## [Saved data entries]
(* The digit [delta_1(u)] of [u], where [f^(2^m) x = x + 2^m u (mod 2^(m+2))]. *)
Definition jump_bit (f : Z2 -> Z2) (m : nat) (x : Z2) : bool :=
  iter (2 ^ m) f x m.+1 (+) x m.+1 (+) x m.

Fixpoint deriv_parity (f f' : Z2 -> Z2) (x : Z2) (k : nat) : bool :=
  if k is k.+1 then deriv_parity f f' x k (+) f' (iter k f x) 1 else false.

Lemma deriv_parityD f f' x i k :
  deriv_parity f f' x (i + k) =
    deriv_parity f f' x i (+) deriv_parity f f' (iter i f x) k.
Proof.
elim: k => [|k IH] /=; first by rewrite addn0 addbF.
by rewrite addnS /= IH addnC iterD addbA.
Qed.

Section JumpBit.
Variables (K : nat) (f f' : Z2 -> Z2).
Hypotheses (Tf : is_Tfun f) (Trf : transitiveT f) (df : derivative_mod 2 f f' K).

Lemma jump_bit_iter_exp2 m x : jump_bit f m (iter (2 ^ m) f x) = jump_bit f m x.
Proof.
rewrite /jump_bit -iterD addnn -mul2n -expnS !iter_exp2_bit //.
by case: (x m); case: (x m.+1); case: (iter (2 ^ m) f x m.+1).
Qed.

Lemma jump_bit_f m x : K <= m -> jump_bit f m (f x) = jump_bit f m x (+) f' x 1.
Proof.
(* The derivative congruence between [x] and [f^(2^m) x], read on digits [m] and [m+1]. *)
move=> Km; have := unif_diff_cong Tf df Km (esym (trunc_iter_exp2 Tf Trf m x)).
rewrite -iterS iterSr !(truncD2 m (iter _ f _)) (truncD2 m x) (truncD2 m (f x)).
rewrite !trunc_iter_exp2 // !iter_exp2_bit //.
move/eqn_mod_exp2_cancel/(@flip_parity_mod4 _ _ _ _ _ _ (f' x 0)); apply.
rewrite -[4]/(2 ^ 2) trunc_mod ?leq_addl // !truncS trunc0.
by case: (f' x 0); case: (f' x 1).
Qed.

Lemma jump_bit_iter m k x :
  K <= m -> jump_bit f m (iter k f x) = jump_bit f m x (+) deriv_parity f f' x k.
Proof.
move=> Km; elim: k => [|k IH]; first by rewrite addbF.
by rewrite iterS jump_bit_f // IH /= addbA.
Qed.

Lemma deriv_parity_exp2 m x : K <= m -> deriv_parity f f' x (2 ^ m) = false.
Proof.
move=> Km; have := jump_bit_iter (2 ^ m) x Km.
by rewrite jump_bit_iter_exp2; case: (jump_bit f m x); case: deriv_parity.
Qed.

End JumpBit.

Definition is_period (y : nat -> bool) (q : nat) : Prop := forall i, y (i + q) = y i.

Section Periods.
Variable y : nat -> bool.

Lemma is_period_mull p k : is_period y p -> is_period y (k * p).
Proof.
move=> yp; elim: k => [|k IH] i; first by rewrite addn0.
by rewrite mulSn [p + _]addnC addnA yp IH.
Qed.

Lemma is_periodB p q : is_period y p -> is_period y q -> p <= q -> is_period y (q - p).
Proof. by move=> yp yq pq i; rewrite -yp -addnA subnK. Qed.

Lemma is_period_modn p q : is_period y p -> is_period y q -> is_period y (q %% p).
Proof.
move=> yp yq; rewrite modn_def; case: edivnP => d r /= qdr _.
have := is_periodB (is_period_mull d yp) yq.
by rewrite qdr addKn; apply; rewrite leq_addr.
Qed.
(* Let $W$ be an outcome satisfying UPRF. Then $W$ satisfies $\frac{3+\sqrt{17}}{2}$-proportional fairness, satisfies $3$-individual fairness (when $N\subseteq C$), and is in the $\left(\gamma,\frac{3\gamma}{\gamma-1}\right)$-transferable core for every $\gamma>1$.
   Context: Let $(\mathcal X,d)$ be a metric space, $N=[n]$ a set of agents and $C$ a set of candidates located in $\mathcal X$, $k\in\mathbb N^+$; an outcome is $W\subseteq C$ with $|W|\le k$; $B(i,r)=\{x\in\mathcal X:d(i,x)\le r\}$; $d(i,W)=\min_{c\in W}d(i,c)$. UPRF: there are no $\ell\in\mathbb N$, no $N'\subseteq N$ with $|N'|\ge\ell n/k$, and no $y\in\mathbb R$ with $\max_{i,i'\in N'}d(i,i')\le y$ and $|\bigcup_{i\in N'}B(i,y)\cap W|<\ell$. $\alpha$-proportional fairness: there is no $N'\subseteq N$ with $|N'|\ge n/k$ and $c\in C\setminus W$ with $\alpha\,d(i,c)<d(i,W)$ for all $i\in N'$. $\beta$-individual fairness (defined only for instances with $N\subseteq C$): $d(i,W)\le\beta\,r(i)$ for all $i\in N$, where $r(i)=\min\{r: |B(i,r)\cap N|\ge n/k\}$. $(\gamma,\alpha)$-transferable core: there is no $N'\subseteq N$ and $c\in C\setminus W$ with $|N'|\ge\gamma n/k$ and $\alpha\sum_{i\in N'}d(i,c)<\sum_{i\in N'}d(i,W)$. *)

From HB Require Import structures.
From mathcomp Require Import all_boot all_order all_algebra.
From mathcomp Require Import reals constructive_ereal.
Set Implicit Arguments. Unset Strict Implicit. Unset Printing Implicit Defensive.
Import Order.TTheory GRing.Theory Num.Theory.
Local Open Scope ring_scope.

Definition is_metric (R : realType) (X : Type) (d : X -> X -> R) : Prop :=
  [/\ forall x y, 0 <= d x y,
      forall x y, d x y = 0 <-> x = y,
      forall x y, d x y = d y x &
      forall x y z, d x z <= d x y + d y z].

Section Election.
Variables (R : realType) (X : Type) (d : X -> X -> R).
(* n agents, located by [loc]; candidates are the elements of a finite type
   [Cand], located by [cl]. *)
Variables (n k : nat) (Cand : finType) (loc : 'I_n -> X) (cl : Cand -> X).

(* d(i, W) = min_{c in W} d(i,c), with the convention min over the empty set = +oo *)
Definition distW (i : 'I_n) (W : {set Cand}) : \bar R :=
  \big[Order.min/+oo%E]_(c in W) (d (loc i) (cl c))%:E.

Definition UPRF (W : {set Cand}) : Prop :=
  ~ exists (l : nat) (N' : {set 'I_n}) (y : R),
      [/\ (l%:R * n%:R / k%:R <= #|N'|%:R :> R),
          (forall i i', i \in N' -> i' \in N' -> d (loc i) (loc i') <= y) &
          (#|[set c in W | [exists i in N', (d (loc i) (cl c) <= y)%R]]| < l)%N].

Definition prop_fair (alpha : R) (W : {set Cand}) : Prop :=
  ~ exists (N' : {set 'I_n}) (c : Cand),
      [/\ (n%:R / k%:R <= #|N'|%:R :> R), c \notin W &
          forall i, i \in N' -> ((alpha * d (loc i) (cl c))%:E < distW i W)%E].

Definition ball_big (i : 'I_n) (r : R) : bool :=
  n%:R / k%:R <= #|[set j : 'I_n | (d (loc i) (loc j) <= r)%R]|%:R :> R.

(* r(i) = min { r : |B(i,r) ∩ N| >= n/k } : [is_r i r] says r is this minimum *)
Definition is_r (i : 'I_n) (r : R) : Prop :=
  ball_big i r /\ forall r', ball_big i r' -> r <= r'.

(* beta-individual fairness (only meaningful when N ⊆ C) *)
Definition indiv_fair (beta : R) (W : {set Cand}) : Prop :=
  forall i r, is_r i r -> (distW i W <= (beta * r)%:E)%E.

Definition transf_core (gamma alpha : R) (W : {set Cand}) : Prop :=
  ~ exists (N' : {set 'I_n}) (c : Cand),
      [/\ (gamma * n%:R / k%:R <= #|N'|%:R :> R), c \notin W &
          ((alpha * \sum_(i in N') d (loc i) (cl c))%:E
             < \sum_(i in N') distW i W)%E].
End Election.

From HB Require Import structures.
From mathcomp Require Import all_boot all_order all_algebra.
From mathcomp Require Import reals constructive_ereal.
From mathcomp Require Import ring lra.
Import Order.TTheory GRing.Theory Num.Theory.
Local Open Scope ring_scope.

Set Implicit Arguments. Unset Strict Implicit. Unset Printing Implicit Defensive.

(* UPRF with l = 1 says that a group of at least n/k agents lying within r of
   some point has a winner within 2r of one of its members.  This is applied to
   the whole deviating coalition around the deviating candidate c (proportional
   fairness), to the ball defining r(i) (individual fairness), and to the agents
   of the coalition within tau = S / ((gamma - 1) n/k) of c, where S is the
   coalition's total distance to c; by Markov's inequality at least n/k agents
   are that close (transferable core).  In the last case a farthest-first greedy
   cover serves all but fewer than n/k agents at total cost 2S, and the rest go
   to the winner near c at cost d(i, c) + 3 tau each, so the coalition pays at
   most 3S + 3S/(gamma - 1). *)

Lemma ler_sum_subset (R : numDomainType) (I : finType) (A B : {set I}) (x : I -> R) :
  B \subset A -> (forall i, i \in A -> 0 <= x i) ->
  \sum_(i in B) x i <= \sum_(i in A) x i.
Proof.
move=> BA x_ge0; rewrite [leRHS](big_setID B) /= (setIidPr BA) lerDl.
by apply: sumr_ge0 => i; rewrite inE => /andP[_ /x_ge0].
Qed.

Lemma markov_card (R : realDomainType) (I : finType) (A : {set I}) (x : I -> R)
    (m t : R) :
  0 <= m -> 0 <= t -> (forall i, i \in A -> 0 <= x i) ->
  \sum_(i in A) x i <= m * t -> #|[set i in A | t < x i]|%:R <= m.
Proof.
move=> m_ge0 t_ge0 x_ge0 sum_le; set B := [set i in A | t < x i].
rewrite leNgt; apply/negP => m_lt.
have BA : B \subset A by apply/subsetP => i; rewrite inE => /andP[].
have /set0Pn[b Bb] : B != set0.
  by rewrite -card_gt0 -(ltr0n R); exact: le_lt_trans m_lt.
have lt_sumB : #|B|%:R * t < \sum_(i in B) x i.
  rewrite mulr_natl -sumr_const; apply: ltr_sum => [|i]; last by rewrite inE => /andP[].
  by apply/hasP; exists b; rewrite ?mem_index_enum.
have := ler_sum_subset BA x_ge0; have := ler_wpM2r t_ge0 (ltW m_lt); lra.
Qed.

Lemma markov_card_le (R : realDomainType) (I : finType) (A : {set I}) (x : I -> R)
    (m t : R) :
  0 <= m -> 0 <= t -> (forall i, i \in A -> 0 <= x i) ->
  \sum_(i in A) x i <= m * t -> #|A|%:R - m <= #|[set i in A | x i <= t]|%:R.
Proof.
move=> m_ge0 t_ge0 x_ge0 sum_le.
have := markov_card m_ge0 t_ge0 x_ge0 sum_le.
have := cardsID [set i | x i <= t] A => /(congr1 (fun p => p%:R : R)).
have -> : A :&: [set i | x i <= t] = [set i in A | x i <= t].
  by apply/setP => i; rewrite !inE.
have -> : A :\: [set i | x i <= t] = [set i in A | t < x i].
  by apply/setP => i; rewrite !inE -ltNge andbC.
rewrite natrD; lra.
Qed.

Section UPRF.
Variables (R : realType) (X : Type) (d : X -> X -> R).
Variables (n k : nat) (Cand : finType) (loc : 'I_n -> X) (cl : Cand -> X).
Variable W : {set Cand}.
Hypotheses (d_metric : is_metric d) (W_UPRF : UPRF d k loc cl W).

Local Notation quota := (n%:R / k%:R : R).
Local Notation distW i := (distW d loc cl i W).

Lemma distW_le i w : w \in W -> (distW i <= (d (loc i) (cl w))%:E)%E.
Proof. by move=> wW; exact: bigmin_le_cond. Qed.

Let d_ge0 x y : 0 <= d x y.
Proof. by case: d_metric. Qed.

Let d_sym x y : d x y = d y x.
Proof. by case: d_metric. Qed.

Let d_triangle x y z : d x z <= d x y + d y z.
Proof. by case: d_metric. Qed.

Lemma UPRF_quota_gt0 : 0 < quota.
Proof.
rewrite ltNge; apply/negP => quota_le0; apply: W_UPRF; exists 1%N, set0, 0.
split=> [|i i'|]; first by rewrite mul1r cards0.
  by rewrite inE.
rewrite ltnS leqn0 cards_eq0 -subset0; apply/subsetP => c.
by rewrite inE => /andP[_ /existsP[i]]; rewrite inE.
Qed.

Lemma UPRF_ball (N' : {set 'I_n}) (c : X) (r : R) :
  quota <= #|N'|%:R -> (forall i, i \in N' -> d (loc i) c <= r) ->
  exists2 w, w \in W & exists2 i, i \in N' & d (loc i) (cl w) <= 2 * r.
Proof.
move=> N'_big near_c.
set covered := [set w in W | [exists i in N', d (loc i) (cl w) <= 2 * r]].
have [covered0|[w]] := set_0Vmem covered; last first.
  by rewrite inE => /andP[wW /existsP[i /andP[iN' close]]]; exists w => //; exists i.
exfalso; apply: W_UPRF; exists 1%N, N', (2 * r).
split=> [|i i' iN' i'N'|]; first by rewrite mul1r.
  have := d_triangle (loc i) c (loc i'); rewrite (d_sym c).
  have := near_c i iN'; have := near_c i' i'N'; lra.
by rewrite -/covered covered0 cards0.
Qed.

Lemma UPRF_greedy_cover (c : X) (A : {set 'I_n}) :
  exists2 S : {set 'I_n}, S \subset A &
    #|A :\: S|%:R < quota /\
    (\sum_(i in S) distW i <= (2 * \sum_(i in A) d (loc i) c)%:E)%E.
Proof.
have [m] := ubnP #|A|; elim: m A => // m IH A /ltnSE A_le_m.
have [->|[a0 Aa0]] := set_0Vmem A.
  exists set0; rewrite ?sub0set // setD0 cards0 !big_set0 mulr0.
  by split; [exact: UPRF_quota_gt0|].
have [a Aa a_far] :=
  @arg_maxP _ _ _ a0 (fun i => i \in A) (fun i => d (loc i) c) Aa0.
have [|S SAa [IH_small IH_cost]] := IH (A :\ a).
  by move: A_le_m; rewrite (cardsD1 a A) Aa.
have SA : S \subset A := subset_trans SAa (subsetDl A [set a]).
have sumA :
    \sum_(i in A) d (loc i) c = d (loc a) c + \sum_(i in A :\ a) d (loc i) c.
  exact: big_setD1.
have unserved_a : (A :\: S) :\ a = (A :\ a) :\: S.
  by rewrite setDDl setUC -setDDl.
have aS : a \notin S by apply/negP => /(subsetP SAa); rewrite !inE eqxx.
have card_unserved : #|A :\: S| = #|(A :\ a) :\: S|.+1.
  by rewrite (cardsD1 a) inE Aa aS unserved_a.
(* Every unserved agent lies within d(a, c) of c, so if they are at least n/k,
   UPRF serves one of them at cost at most 2 d(a, c). *)
case: (ltrP #|A :\: S|%:R quota) => [unserved_small|unserved_big].
  exists S => //; split=> //; apply: (le_trans IH_cost); rewrite lee_fin sumA.
  by rewrite ler_wpM2l // lerDr.
have near_c i : i \in A :\: S -> d (loc i) c <= d (loc a) c.
  by move=> /setDP[iA _]; exact: a_far.
have [w wW [j jrest jw]] := UPRF_ball unserved_big near_c.
have jS : j \notin S by move: jrest => /setDP[].
exists (j |: S); first by rewrite subUset sub1set SA (subsetP (subsetDl A S)).
split.
  have -> : A :\: (j |: S) = (A :\: S) :\ j by rewrite setDDl setUC.
  suff -> : #|(A :\: S) :\ j| = #|(A :\ a) :\: S| by [].
  by apply/eqP; rewrite -eqSS -card_unserved (cardsD1 j (A :\: S)) jrest.
rewrite big_setU1 //= sumA mulrDr EFinD leeD //.
by apply: le_trans (distW_le _ wW) _; rewrite lee_fin.
Qed.

Lemma UPRF_prop_fair (alpha : R) :
  0 < alpha -> 3 * alpha + 2 <= alpha ^+ 2 -> prop_fair d k loc cl alpha W.
Proof.
move=> alpha_gt0 alpha_big [N' [c [N'_big _ c_better]]].
have /set0Pn[i0 N'i0] : N' != set0.
  by rewrite -card_gt0 -(ltr0n R); exact: lt_le_trans UPRF_quota_gt0 N'_big.
have [a N'a a_far] :=
  @arg_maxP _ _ _ i0 (fun i => i \in N') (fun i => d (loc i) (cl c)) N'i0.
have [w wW [j N'j jw]] := UPRF_ball N'_big a_far.
have w_worse i : i \in N' -> alpha * d (loc i) (cl c) < d (loc i) (cl w).
  by move=> iN'; rewrite -lte_fin; exact: lt_le_trans (c_better i iN') (distW_le _ wW).
have := w_worse a N'a; have := w_worse j N'j.
have := d_triangle (loc a) (cl c) (cl w); have := d_triangle (cl c) (loc j) (cl w).
rewrite (d_sym (cl c) (loc j)).
have := d_ge0 (loc a) (cl c); have := d_ge0 (loc j) (cl c).
(* With r = d(a, c) and x = d(j, c): alpha r < 3r + x and alpha x < 2r, hence
   alpha^2 r < 3 alpha r + 2r. *)
rewrite expr2 in alpha_big; nra.
Qed.

Lemma UPRF_indiv_fair : indiv_fair d k loc cl 3 W.
Proof.
move=> i r [ball_i_big _].
have near_i j : j \in [set j | d (loc i) (loc j) <= r] -> d (loc j) (loc i) <= r.
  by rewrite inE d_sym.
have [w wW [j ball_j jw]] := UPRF_ball ball_i_big near_i.
apply: (le_trans (distW_le _ wW)); rewrite lee_fin.
move: ball_j; rewrite inE => ij; have := d_triangle (loc i) (loc j) (cl w); lra.
Qed.

Lemma UPRF_transf_core (gamma : R) :
  1 < gamma -> transf_core d k loc cl gamma (3 * gamma / (gamma - 1)) W.
Proof.
move=> gamma_gt1 [N' [c [N'_big _ c_better]]].
set S := \sum_(i in N') d (loc i) (cl c) in c_better.
have scale_gt0 : 0 < quota * (gamma - 1).
  by rewrite mulr_gt0 ?subr_gt0 ?UPRF_quota_gt0.
pose tau := S / (quota * (gamma - 1)).
have S_eq : S = quota * (gamma - 1) * tau by rewrite mulrC divfK ?gt_eqF.
have S_le : S <= quota * (gamma - 1) * tau by rewrite -S_eq.
have tau_ge0 : 0 <= tau by rewrite divr_ge0 ?sumr_ge0 ?ltW.
pose near := [set i in N' | d (loc i) (cl c) <= tau].
have near_big : quota <= #|near|%:R.
  have := markov_card_le (ltW scale_gt0) tau_ge0 (fun i _ => d_ge0 _ _) S_le.
  by rewrite -mulrA in N'_big; lra.
have near_c i : i \in near -> d (loc i) (cl c) <= tau by rewrite inE => /andP[].
have [w0 w0W [j0 near_j0 j0w0]] := UPRF_ball near_big near_c.
have via_w0 i : d (loc i) (cl w0) <= d (loc i) (cl c) + 3 * tau.
  have := near_c j0 near_j0; have := d_triangle (loc i) (cl c) (cl w0).
  have := d_triangle (cl c) (loc j0) (cl w0); rewrite (d_sym (cl c) (loc j0)); lra.
have [Sv SvN' [unserved_small Sv_cost]] := UPRF_greedy_cover (cl c) N'.
have cost_le : (\sum_(i in N') distW i <=
    (2 * S + \sum_(i in N' :\: Sv) (d (loc i) (cl c) + 3 * tau))%:E)%E.
  rewrite (big_setID Sv) /= (setIidPr SvN') EFinD leeD // -sumEFin.
  by apply: lee_sum => i _; apply: le_trans (distW_le _ w0W) _; rewrite lee_fin.
have unserved_cost :
    \sum_(i in N' :\: Sv) (d (loc i) (cl c) + 3 * tau) <= S + 3 * tau * quota.
  rewrite big_split /= sumr_const lerD ?ler_sum_subset ?subsetDl //.
  by rewrite -[leLHS]mulr_natr; apply: ler_wpM2l; [exact: mulr_ge0 | exact: ltW].
have alpha_S : 3 * gamma / (gamma - 1) * S = 3 * S + 3 * tau * quota.
  have gamma1_neq0 : gamma - 1 != 0 by rewrite subr_eq0 gt_eqF.
  by rewrite S_eq; move: quota => q; field.
have := lt_le_trans c_better cost_le; rewrite lte_fin alpha_S; lra.
Qed.

End UPRF.

Lemma sqrt17_ratio_sqr (R : rcfType) :
  ((3 + Num.sqrt 17) / 2) ^+ 2 = 3 * ((3 + Num.sqrt 17) / 2) + 2 :> R.
Proof. have s17 : Num.sqrt 17 ^+ 2 = 17 :> R by rewrite sqr_sqrtr. lra. Qed.

Theorem theorem6 (R : realType) (X : Type) (d : X -> X -> R)
  (n k : nat) (Cand : finType) (loc : 'I_n -> X) (cl : Cand -> X)
  (W : {set Cand}) :
  is_metric d -> (0 < k)%N -> (#|W| <= k)%N ->
  UPRF d k loc cl W ->
  [/\ prop_fair d k loc cl ((3 + Num.sqrt 17) / 2) W,
      ((forall i : 'I_n, exists c : Cand, cl c = loc i) ->
         indiv_fair d k loc cl 3 W) &
      (forall gamma : R, 1 < gamma ->
         transf_core d k loc cl gamma (3 * gamma / (gamma - 1)) W)].
Proof.
move=> d_metric _ _ W_UPRF; split.
- apply: UPRF_prop_fair => //; last by rewrite sqrt17_ratio_sqr.
  by rewrite divr_gt0 // ltr_wpDr ?sqrtr_ge0.
- by move=> _; exact: UPRF_indiv_fair.
- by move=> gamma; exact: UPRF_transf_core.
Qed.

## [Directions for this task]
Please return only the lines above, starting at the line that has "move: ball_j; rewrite" and ending at the line that has "(2 * S + \sum_(i", keeping both and leaving each one unchanged.

## [Response for this exercise]
move: ball_j; rewrite inE => ij; have := d_triangle (loc i) (loc j) (cl w); lra.
Qed.

Lemma UPRF_transf_core (gamma : R) :
  1 < gamma -> transf_core d k loc cl gamma (3 * gamma / (gamma - 1)) W.
Proof.
move=> gamma_gt1 [N' [c [N'_big _ c_better]]].
set S := \sum_(i in N') d (loc i) (cl c) in c_better.
have scale_gt0 : 0 < quota * (gamma - 1).
  by rewrite mulr_gt0 ?subr_gt0 ?UPRF_quota_gt0.
pose tau := S / (quota * (gamma - 1)).
have S_eq : S = quota * (gamma - 1) * tau by rewrite mulrC divfK ?gt_eqF.
have S_le : S <= quota * (gamma - 1) * tau by rewrite -S_eq.
have tau_ge0 : 0 <= tau by rewrite divr_ge0 ?sumr_ge0 ?ltW.
pose near := [set i in N' | d (loc i) (cl c) <= tau].
have near_big : quota <= #|near|%:R.
  have := markov_card_le (ltW scale_gt0) tau_ge0 (fun i _ => d_ge0 _ _) S_le.
  by rewrite -mulrA in N'_big; lra.
have near_c i : i \in near -> d (loc i) (cl c) <= tau by rewrite inE => /andP[].
have [w0 w0W [j0 near_j0 j0w0]] := UPRF_ball near_big near_c.
have via_w0 i : d (loc i) (cl w0) <= d (loc i) (cl c) + 3 * tau.
  have := near_c j0 near_j0; have := d_triangle (loc i) (cl c) (cl w0).
  have := d_triangle (cl c) (loc j0) (cl w0); rewrite (d_sym (cl c) (loc j0)); lra.
have [Sv SvN' [unserved_small Sv_cost]] := UPRF_greedy_cover (cl c) N'.
have cost_le : (\sum_(i in N') distW i <=
    (2 * S + \sum_(i in N' :\: Sv) (d (loc i) (cl c) + 3 * tau))%:E)%E.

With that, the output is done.